(What is needed) Starting at the line with "Definition Pi_val (G" and going on through the line with "rational weight psi", reproduce each line in the records below exactly and nothing more.

START Provided data

(* Let $\ell$ and $m$ be positive integers with $2\le \ell\le m$, let $G$ be a torsion-free abelian group written multiplicatively, and let $\mathcal{A}=(A_1,\dots,A_m)$ be a sequence of nonempty finite subsets of $G$. Put $A=A_1\cup\cdots\cup A_m$. Then \[ |\Pi^{\ell}(\mathcal{A})| \ \ge\ \sum_{a\in A}\mu_{\mathcal{A}}(a)-\ell+1, \] and this lower bound is best possible (there exist such sequences for which equality holds).
   Context: For $S\subseteq G$, $\chi_S$ is the indicator function of $S$. For $a\in A$, $\mu_{\mathcal{A}}(a)=\min\big(\ell,\sum_{j=1}^m\chi_{A_j}(a)\big)$. $\Pi^{\ell}(\mathcal{A})$ is the set of all products $a_{i_1}\cdots a_{i_\ell}$ with $i_1,\dots,i_\ell\in[1,m]$ pairwise distinct and $a_{i_j}\in A_{i_j}$ (since $G$ is abelian, the order is irrelevant). $[x,y]=\{n\in\mathbb{Z}:x\le n\le y\}$. *)

(* mathcomp + finmap.  The group G is written additively as a
   zmodType (abelian group); the paper writes it multiplicatively, so products
   a_{i_1}...a_{i_l} become sums. *)
From HB Require Import structures.
From mathcomp Require Import all_boot all_order all_algebra.
From mathcomp Require Export finmap.
Set Implicit Arguments. Unset Strict Implicit. Unset Printing Implicit Defensive.
Import GRing.Theory.
Local Open Scope ring_scope.
Local Open Scope fset_scope.

Definition torsion_free (G : zmodType) : Prop :=
  forall (x : G) (n : nat), x *+ n.+1 = 0 -> x = 0.

Definition union_fam (G : zmodType) (m : nat) (A : 'I_m -> {fset G}) : {fset G} :=
  \big[fsetU/fset0]_(j < m) A j.

Definition mu (G : zmodType) (l m : nat) (A : 'I_m -> {fset G}) (a : G) : nat :=
  minn l (\sum_(j < m) (a \in A j)).

(* Pi^l(A): all "products" (here sums) a_{i_1} + ... + a_{i_l} with
   i_1,...,i_l pairwise distinct indices in [1,m] and a_{i_k} in A_{i_k}.
   An element is encoded by an injective index map i : 'I_l -> 'I_m together
   with a choice a : 'I_l -> (union of the A_j) such that a k \in A (i k). *)
Definition Pi_index (G : zmodType) (l m : nat) (A : 'I_m -> {fset G}) :=
  ({ffun 'I_l -> 'I_m} * {ffun 'I_l -> union_fam A})%type.

Definition Pi_ok (G : zmodType) (l m : nat) (A : 'I_m -> {fset G})
  (p : Pi_index l A) : bool :=
  injectiveb p.1 && [forall k, val (p.2 k) \in A (p.1 k)].

Definition Pi_val (G : zmodType) (l m : nat) (A : 'I_m -> {fset G})
  (p : Pi_index l A) : G := \sum_(k < l) val (p.2 k).

Definition Pi (G : zmodType) (l m : nat) (A : 'I_m -> {fset G}) : {fset G} :=
  [fset Pi_val p | p in enum (@Pi_ok G l m A)].

(* Since G is torsion-free, the finite set U = A_1 ∪ ... ∪ A_m carries a
   rational weight psi that is injective on U and respects every integer
   relation among its elements (a generic vector orthogonal to the rational
   span of the relations), so equal sums of elements of U have equal weights.

   The bound then follows by induction on |A_1| + ... + |A_m|.  Delete an
   element y of maximal weight from some A_j: from the whole union when more
   than l of the A_j are nonempty, and otherwise from an A_j with at least two
   elements.  This lowers the sum of the mu(a) by at most one, and only when y
   lies in at most l of the A_j; in that case the heaviest l-sum of the family
   is lost, since any realisation of it after the deletion could be made
   strictly heavier by swapping in y.  The induction ends with l singletons and
   empty sets, where the bound is clear.  Equality holds when every A_j is {0}. *)

From HB Require Import structures.
From mathcomp Require Import all_boot all_order all_algebra finmap.
From mathcomp Require Import zify ring.
From Stdlib Require Import Classical.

END Provided data

(Result for this exercise)
Definition Pi_val (G : zmodType) (l m : nat) (A : 'I_m -> {fset G})
  (p : Pi_index l A) : G := \sum_(k < l) val (p.2 k).

Definition Pi (G : zmodType) (l m : nat) (A : 'I_m -> {fset G}) : {fset G} :=
  [fset Pi_val p | p in enum (@Pi_ok G l m A)].

(* Since G is torsion-free, the finite set U = A_1 ∪ ... ∪ A_m carries a
   rational weight psi that is injective on U and respects every integer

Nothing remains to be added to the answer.